DATA EXTRACT:
═══

(* The sums over W^{n,n+1}(nu) and W^{n,n}(nu) range over k : 'I_n -> 'I_M with
   M = nu_{n+1} + 1 (resp. max_i nu_i + 1); all interlacing k have entries < M. *)
Theorem proposition7p1 (R : realFieldType) (lam mu : nat -> R)
  (hlam : forall k, 0 < lam k) (hmu0 : mu 0%N = 0)
  (hmu : forall k, (0 < k)%N -> 0 < mu k) (n : nat) (hn : (1 <= n)%N) :
  (forall (nu : 'I_n.+1 -> nat), inW nu ->
   forall x : 'I_n.+1 -> R, injective x -> x ord0 = 0 ->
     detratio (Qpol lam mu) nu x =
     (-1) ^+ n / lam 0%N ^+ n *
     \sum_(k : {ffun 'I_n -> 'I_(nu ord_max).+1} |
             inW (fun i => nat_of_ord (k i)) &&
             interlace_up nu (fun i => nat_of_ord (k i)))
        (\prod_(i < n) hatpiw lam mu (k i)) *
        detratio (hatQpol lam mu) (fun i => nat_of_ord (k i))
                 (fun j => x (lift ord0 j)))
  /\
  (forall (nu : 'I_n -> nat), inW nu ->
   forall x : 'I_n -> R, injective x ->
     detratio (hatQpol lam mu) nu x =
     \sum_(k : {ffun 'I_n -> 'I_(\max_(i < n) nu i).+1} |
             inW (fun i => nat_of_ord (k i)) &&
             interlace_eq nu (fun i => nat_of_ord (k i)))
        (\prod_(i < n) piw lam mu (k i)) *
        detratio (Qpol lam mu) (fun i => nat_of_ord (k i)) x).
Proof.
have lam_neq0 k : lam k != 0 by rewrite gt_eqF.
have muS_neq0 k : mu k.+1 != 0 by rewrite gt_eqF ?hmu.
split=> [nu nu_inc x x_inj x0 | ].
  exact: detratio_Qpol_interlace_up.
case: n hn => // n _ nu nu_inc x _.
exact: detratio_hatQpol_interlace_eq.
Qed.
(* For every sufficiently small $\eta>0$ there exists $\nu_0>0$ such that for every $\nu\in(0,\nu_0]$ there exists $\beta_0>0$ such that for every $\beta\in(0,\beta_0]$ there exists $\alpha_0>0$ such that for every $\alpha\in(0,\alpha_0]$ there exists $n_0$ such that for all $n\ge n_0$ the following holds. Let $\hat G$ be an $(\alpha,\eta,\nu)$-superextremal biclique on $n$ vertices with partition $V(\hat G)=A\uplus B$, let $M$ be a matching in $\hat G[B]$ with $|E(M)|\le\alpha n$, and set $Z=E(M)$. Suppose that $\hat G[A]$ has no edges, the edge set of $\hat G[B]$ is exactly $E(M)$, and for every edge $ab\in E(\hat G)$ with $a\in A,b\in B$ we have $\max\{d_{\hat G}(a,B),d_{\hat G}(b,A)\}\ge(1/2-\eta)n$. Then for every directed Hamilton cycle $\vec H$ of $\hat G$ and every edge $e\in E(H)\setminus Z$, there are at least $\beta n^2$ pairs $(e',i)$ with $e'\in E(\hat G)\setminus E(H)$ and $i\in\{1,2\}$ such that the switching $s_i(\vec H;e,e')$ is admissible (with respect to $\hat G$).
   Context: $d_G(v,X)$ is the number of neighbours of $v$ in $X$. A graph $G$ on $n$ vertices is an $(\alpha,\varepsilon,\nu)$-superextremal biclique if there is a partition $V(G)=A\uplus B$ with: (B1) $0\le |B|-|A|\le\alpha n$; (B2) $d(a,B)\ge(1/2-\varepsilon)n$ for all but at most $\alpha n$ vertices $a\in A$; (B3) $d(a,B)\ge\nu n$ for all $a\in A$; (B4) $d(b,A)\ge(1/2-\varepsilon)n$ for all but at most $\alpha n$ vertices $b\in B$; (B5) $d(b,A)\ge(1/4-\varepsilon)n$ for all $b\in B$; (B6) if $|A|\ne\lfloor n/2\rfloor$, then $d(b,B)\le 2\nu n$ for all $b\in B$. A directed Hamilton cycle $\vec H$ is a Hamilton cycle $H$ with a cyclic orientation; its successor function $\pi$ sends $x$ to the head of the arc leaving $x$. For $e=x\pi(x)\in E(H)$ and $e'=x'y'\notin E(H)$ with endpoints labelled so that $x$ lies on the directed path of $\vec H$ from $y'$ to $x'$, let $H_1=(H-\{e,x'\pi(x'),\pi^{-1}(y')y'\})+\{e',x\pi(x'),\pi^{-1}(y')\pi(x)\}$ and $H_2=(H-\{e,x'\pi(x'),\pi^{-1}(y')y'\})+\{e',x\pi^{-1}(y'),\pi(x)\pi(x')\}$; $s_i(\vec H;e,e')$ is $H_i$ oriented to contain the arc $(x',y')$. It is admissible (with respect to a graph $G$) if $H_i\subseteq G$. *)

From Stdlib Require Import Reals.
From mathcomp Require Import all_boot fingroup perm.
Local Open Scope R_scope.
Lemma vint_abs_le h1 h2 v1 v2 : vint h1 v1 -> vint h2 v2 ->
  (forall w L, 0 <= L -> Rabs (h2 w L) <= h1 w L) -> Rabs v2 <= v1.
Proof.
  intros [i1 [Hi1 Ho1]] [i2 [Hi2 Ho2]] H.
  assert (Hin : forall w, Rabs (i2 w) <= i1 w).
  { intros w.
    apply (RInt_gen_norm (Fa := at_point 0) (Fb := Rbar_locally p_infty)
             (fun L => h2 w L) (fun L => h1 w L));
      try apply at_point_filter; try apply Rbar_locally_filter; auto.
    - apply (Filter_prod _ _ _ (fun x => x = 0) (fun y => 0 < y)); [reflexivity | now exists 0 |].
      intros x y -> Hy; simpl; lra.
    - apply (Filter_prod _ _ _ (fun x => x = 0) (fun y => 0 < y)); [reflexivity | now exists 0 |].
      intros x y -> Hy z Hz; simpl in Hz. apply H; lra. }
  apply (RInt_gen_norm (Fa := Rbar_locally m_infty) (Fb := Rbar_locally p_infty) i2 i1);
    try apply Rbar_locally_filter; auto.
  - apply (Filter_prod _ _ _ (fun x => x < 0) (fun y => 0 < y)); try now exists 0.
    intros x y Hx Hy; simpl; lra.
  - apply (Filter_prod _ _ _ (fun x => x < 0) (fun y => 0 < y)); try now exists 0.
    intros x y Hx Hy z Hz. apply Hin.
Qed.

Lemma matter_pressure_bounds (g : R -> R -> R) t rho p j q :
  0 < t -> (forall w L, 0 <= g w L) -> matter g t rho p j q -> 0 <= p <= rho.
Proof.
  intros Ht Hg (Irho & Ip & Ij & Iq & Hrho & Hp & _ & _ & -> & -> & _ & _).
  assert (Hroot : forall w L, 0 <= L ->
    w ^ 2 <= w ^ 2 + L / t ^ 2 /\ 0 < sqrt (1 + w ^ 2 + L / t ^ 2)).
  { intros w L HL.
    assert (0 <= L / t ^ 2) by (apply Rdiv_le_0_compat; [lra | apply pow_lt; lra]).
    pose proof (pow2_ge_0 w). split; [lra | apply sqrt_lt_R0; lra]. }
  assert (Hweight : forall w L, 0 <= L ->
    0 <= w ^ 2 / sqrt (1 + w ^ 2 + L / t ^ 2) <= sqrt (1 + w ^ 2 + L / t ^ 2)).
  { intros w L HL. destruct (Hroot w L HL) as [Hw Hs]. pose proof (pow2_ge_0 w).
    set (S := 1 + w ^ 2 + L / t ^ 2) in *.
    split; [apply Rdiv_le_0_compat; [apply pow2_ge_0 | lra] |].
    apply Rle_div_l; [lra |]. rewrite sqrt_sqrt by (unfold S; lra). unfold S; lra. }
  assert (HIp : Rabs Ip <= Ip).
  { apply (vint_abs_le _ _ _ _ Hp Hp). intros w L HL.
    rewrite Rabs_right; [lra |]. apply Rle_ge, Rmult_le_pos; [apply Hweight | apply Hg]; lra. }
  assert (HIrho : Rabs Ip <= Irho).
  { apply (vint_abs_le _ _ _ _ Hrho Hp). intros w L HL.
    destruct (Hweight w L HL). pose proof (Hg w L).
    rewrite Rabs_right by (apply Rle_ge, Rmult_le_pos; lra).
    apply Rmult_le_compat_r; lra. }
  assert (0 < PI / t ^ 2) by (apply Rdiv_lt_0_compat; [apply PI_RGT_0 | apply pow_lt; lra]).
  pose proof (Rabs_pos Ip). pose proof (Rle_abs Ip).
  split; [apply Rmult_le_pos | apply Rmult_le_compat_l]; lra.
Qed.

Section Comparison.

Variables m l : R -> R.
Hypothesis m_derivable : forall t, 1 < t -> ex_derive m t.
Hypothesis l_derivable : forall t, 1 < t -> ex_derive l t.
Hypothesis m_right_continuous : right_continuous m 1.
Hypothesis l_right_continuous : right_continuous l 1.
(* The left sides are [8 pi t^2 p] and [8 pi t^2 rho] in the field equations. *)
Hypothesis pressure_nonneg :
  forall t, 1 < t -> 0 <= exp (-2 * m t) * (2 * t * Derive m t - 1) + 1.
Hypothesis pressure_le_density : forall t, 1 < t ->
  exp (-2 * m t) * (2 * t * Derive m t - 1) + 1
  <= exp (-2 * m t) * (2 * t * Derive l t + 1) - 1.

Let A0 := exp (-2 * m 1).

═══

ABOUT THIS EXERCISE:
Using the records above, write out exactly the lines between the one holding "detratio (hatQpol lam mu) (fun" and the one holding "have lam_neq0 k", inclusive; leave everything else out.

TASK OUTPUT:
        detratio (hatQpol lam mu) (fun i => nat_of_ord (k i))
                 (fun j => x (lift ord0 j)))
  /\
  (forall (nu : 'I_n -> nat), inW nu ->
   forall x : 'I_n -> R, injective x ->
     detratio (hatQpol lam mu) nu x =
     \sum_(k : {ffun 'I_n -> 'I_(\max_(i < n) nu i).+1} |
             inW (fun i => nat_of_ord (k i)) &&
             interlace_eq nu (fun i => nat_of_ord (k i)))
        (\prod_(i < n) piw lam mu (k i)) *
        detratio (Qpol lam mu) (fun i => nat_of_ord (k i)) x).
Proof.
have lam_neq0 k : lam k != 0 by rewrite gt_eqF.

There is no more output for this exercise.